Missing Values in a Live Prediction Model (Take 2)
prediction
machine-learning
deployment
easi
]
Ok, so it’s been about a week of reading, thinking, toying around… My original objective was looking into various ways to treat missing values in categorical variables with an eye towards deploying the final predictive model. Reading over several ideas that included continuous variables (e.g., Perlich’s missing indicator and clipping techniques), I’ve re-scoped it a bit to missing values in general, specifically for predictive models.
I found, if you look hard enough, people definitely have thought about prediction models in practice. Not that I assumed this wasn’t the case. It was hard to find though.
What surprised me is how much generic advice about CCA, mean imputation, etc, is given on so many various StackExchange and Quora posts, and various blogs. I read so many bits where the writer wouldn’t even bat an eye when recommending CCA for dealing with missing data when developing a prediction model… Like, when the fuck does the writer think the prediction model is going to be used? On a castrated, CCA’d-ass test set? Hardly!

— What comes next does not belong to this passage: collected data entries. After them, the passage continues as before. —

Lemma no_vertex_between (al be : R) (A B V : R * R) :
  0 < al -> 0 < be -> K A -> K B -> A.1 < V.1 -> V.1 < B.1 ->
  al * A.1 + be * A.2 <= al * V.1 + be * V.2 ->
  al * B.1 + be * B.2 <= al * V.1 + be * V.2 -> ~ vertex K V.
Proof.
move=> Hal Hbe KA KB h1 h2 pA pB [KV HV].
pose t := (B.1 - V.1) / (B.1 - A.1).
have dpos : 0 < B.1 - A.1 by lra.
have t0 : 0 < t by apply: divr_gt0; lra.
have t1 : t < 1 by rewrite /t ltr_pdivrMr //; lra.
have ex : V.1 = t * A.1 + (1 - t) * B.1 by rewrite /t; field; lra.
(* P is the point of the chord [A,B] below V *)
pose P := (t * A.1 + (1 - t) * B.1, t * A.2 + (1 - t) * B.2).
have KP : K P by apply: hull_convex => //; lra.
have hP : P.2 <= V.2.
  by rewrite -(ler_pM2l Hbe) /P /=; nra.
have [e|nz] := eqVneq P.2 V.2.
  by have eAB := HV A B t KA KB t0 t1 ex (esym e); move: h1 h2; rewrite eAB; lra.
(* otherwise V is the midpoint of P and a point of N(g) straight above it *)
pose h := V.2 - P.2.
have hpos : 0 < h by rewrite /h subr_gt0 lt_neqAle nz hP.
have KP' : K (P.1 + 0, P.2 + 2 * h) by apply: hull_shift => //; lra.
have hlf0 : (0 : R) < 1/2 by lra.
have hlf1 : (1/2 : R) < 1 by lra.
have E : P = (P.1 + 0, P.2 + 2 * h).
  apply: (HV P _ (1/2) KP KP' hlf0 hlf1); rewrite /P /= -?ex; first by ring.
  by rewrite /h /P /=; field.
have : P.2 = P.2 + 2 * h by rewrite {1}E.
lra.
Qed.

Lemma next_vertex_of_leading (al be : R) X1 Y1 X2 Y2 :
  0 < al -> 0 < be -> leading g al be (-1) X1 Y1 -> leading g al be 1 X2 Y2 ->
  wdeg al be X2 Y2 = wdeg al be X1 Y1 -> (X1 < X2)%N ->
  next_vertex K (pt R X1 Y1) (pt R X2 Y2) /\
  slope (pt R X1 Y1) (pt R X2 Y2) = - (al / be) /\
  yintercept (pt R X1 Y1) (pt R X2 Y2) = wdeg al be X1 Y1 / be.
Proof.
move=> Hal Hbe L1 L2 E lt.
have ltR : (X1%:R : R) < X2%:R by rewrite ltr_nat.
have sl : slope (pt R X1 Y1) (pt R X2 Y2) = - (al / be).
  rewrite /slope /pt /=; move: E; rewrite /wdeg => E.
  have nz : (X2%:R - X1%:R : R) != 0 by rewrite subr_eq0 gt_eqF.
  have be0 := lt0r_neq0 Hbe.
  have eY : (Y2%:R : R) = Y1%:R - al / be * (X2%:R - X1%:R).
    by apply: (mulfI be0); rewrite mulrBr mulrA mulrCA divff // mulr1; lra.
  by rewrite eY; field; rewrite be0 nz.
split; last split => //; last first.
  by rewrite /yintercept sl /pt /wdeg /=; field; rewrite lt0r_neq0.
split; first exact: leading_vertex Hal Hbe (ltr0_neq0 (ltrN10 R)) L1.
split; first exact: leading_vertex Hal Hbe (oner_neq0 R) L2.
split => // V [KV HV] [a1 a2].
have [[g1 _] [g2 _]] := (L1, L2).
apply: (no_vertex_between Hal Hbe _ _ a1 a2 _ _ (conj KV HV)).
- by apply: support_in_hull; exists X1, Y1.
- by apply: support_in_hull; exists X2, Y2.
- exact: (leading_hull (ltW Hal) Hbe L1 KV).1.
- by have := (leading_hull (ltW Hal) Hbe L1 KV).1; rewrite /pt /= -E.
Qed.

End NewtonPolygonGeometry.

Lemma yintercept_wdeg x1 y1 x2 y2 : (x1 < x2)%N -> (y2 < y1)%N ->
  yintercept (pt R x1 y1) (pt R x2 y2) =
  wdeg (y1 - y2)%N%:R (x2 - x1)%N%:R x1 y1 / (x2 - x1)%N%:R.
Proof.
move=> hx hy; rewrite /yintercept /slope /pt /wdeg /= !natrB ?(ltnW hx) ?(ltnW hy) //.
have : (x1%:R : R) < x2%:R by rewrite ltr_nat.
by move=> h; field; lra.
Qed.

Lemma wdeg_segment x1 y1 x2 y2 : (x1 < x2)%N -> (y2 < y1)%N ->
  wdeg (y1 - y2)%N%:R (x2 - x1)%N%:R x2 y2 = wdeg (y1 - y2)%N%:R (x2 - x1)%N%:R x1 y1.
Proof. by move=> hx hy; rewrite /wdeg !natrB ?(ltnW hx) ?(ltnW hy) //; ring. Qed.

Lemma leading_exists q (Am An : nat) sg :
  (0 < Am)%N -> (0 < An)%N -> sg = 1 \/ sg = -1 -> (exists i j, q i j != 0) ->
  exists X Y, leading q Am%:R An%:R sg X Y.
Proof.
move=> HAm HAn Hsg [i0 [j0 nz0]].
have wN i j : wdeg (Am%:R : R) An%:R i j = (Am * i + An * j)%N%:R.
  by rewrite /wdeg natrD !natrM.
pose layer n := `[< exists i j, q i j != 0 /\ (Am * i + An * j)%N = n >].
have : exists n, layer n by exists (Am * i0 + An * j0)%N; apply/asboolP; exists i0, j0.
case/ex_minnP => n0 /asboolP [X0 [Y0 [nzX0 e0]]] n0_min.
pose onlayer y := `[< exists i, q i y != 0 /\ (Am * i + An * y)%N = n0 >].
have onY0 : exists y, onlayer y.
  by exists Y0; apply/asboolP; exists X0.
suff [Y /asboolP [X [nzX eX]] HY] : exists2 Y, onlayer Y &
    forall i j, q i j != 0 -> (Am * i + An * j)%N = n0 -> sg * Y%:R <= sg * j%:R.
  exists X, Y; split => // i j nz; rewrite !wN eX ler_nat; split.
    by apply: n0_min; apply/asboolP; exists i, j.
  by move/natr_inj => e; apply: HY nz e.
case: Hsg => ->.
  case: (ex_minnP onY0) => Y HY Ymin; exists Y => // i j nz e.
  by rewrite !mul1r ler_nat; apply: Ymin; apply/asboolP; exists i.
have bnd y : onlayer y -> (y <= n0)%N by move=> /asboolP [i [_ <-]]; nia.
case: (ex_maxnP onY0 bnd) => Y HY Ymax; exists Y => // i j nz e.
by rewrite !mulN1r lerN2 ler_nat; apply: Ymax; apply/asboolP; exists i.
Qed.

Section EdgesOfNq.
Variables (q : ps2 R) (s : nat) (nv mv : nat -> nat).
Hypothesis q_neq0 : exists i j, q i j != 0.
Hypothesis q_vertices : forall v, vertex (newton_polygon q) v <->
  exists2 i, (1 <= i <= s)%N & v = pt R (nv i) (mv i).
Hypothesis q_vertices_sorted : forall i, (1 <= i)%N -> (i < s)%N ->
  (nv i < nv i.+1)%N /\ (mv i.+1 < mv i)%N.

(* inner normal of the edge from the j-th to the (j+1)-th vertex *)
Local Notation al j := ((mv j - mv j.+1)%N%:R : R).
Local Notation be j := ((nv j.+1 - nv j)%N%:R : R).

Lemma listed_vertex i : (1 <= i <= s)%N -> vertex (newton_polygon q) (pt R (nv i) (mv i)).
Proof. by move=> Hi; apply/q_vertices; exists i. Qed.

Lemma listed_vertex_in_hull i :
  (1 <= i <= s)%N -> newton_polygon q (pt R (nv i) (mv i)).
Proof. by case/listed_vertex. Qed.

Lemma vertices_sorted a b : (1 <= a)%N -> (a < b)%N -> (b <= s)%N ->
  (nv a < nv b)%N /\ (mv b < mv a)%N.
Proof.
move=> Ha; elim: b => [//|b IH] Hab Hb.
have [n1 m1] := q_vertices_sorted (leq_trans Ha (ltnSE Hab)) Hb.
case: (ltnP a b) => [lt|ge]; last first.
  by have -> : a = b by apply/eqP; rewrite eqn_leq ge ltnSE.
have [n2 m2] := IH lt (ltnW Hb); split; [exact: ltn_trans n2 n1 | exact: ltn_trans m1 m2].
Qed.

Lemma edge_weights_pos j : (1 <= j)%N -> (j < s)%N -> 0 < al j /\ 0 < be j.
Proof.
by move=> j1 js; have [nj mj] := q_vertices_sorted j1 js; rewrite !ltr0n !subn_gt0.
Qed.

Anyway, I didn’t want to distort my first article and continue updating it… It needed to be journaled, and now updated in the sequel. I specifically sought out a bunch of articles today where the authors very much keep in mind the fact that someone, somewhere ultimately will want to use the predictive model in an environment with a data generating process similar to the one that produced the original data set – missing values and all!
For context, my original article was motivated out of curiosity: I was working with some data and my approach was to treat missing values as in a nominal categorical variable as another level. But I questioned whether or not this was really a great approach… I wanted to see what others had done. I kept reading about listwise-deletion and CCA, and it made my eyes cross: why are so many people recommending these things when talking about predictive models? There was a particular Quora question where the first several authors gave the standard advice, and then came Claudia Perlich’s answer: yes, she was actually answering the question that was asked!!!!!!!!
Below, I just include a list of the references I’ve found, sometimes with a note or two. Over time, I hope to continue this series of articles by providing some summaries of these references.
Side Note: Multiple Imputation
As I found in previous articles, various implementations of multiple imputation seem to be considered “best in class” – but, if you read more carefully, this is specifically geared to non-predictive settings, like statistical inference, unbiased population estimates, causal modeling, etc.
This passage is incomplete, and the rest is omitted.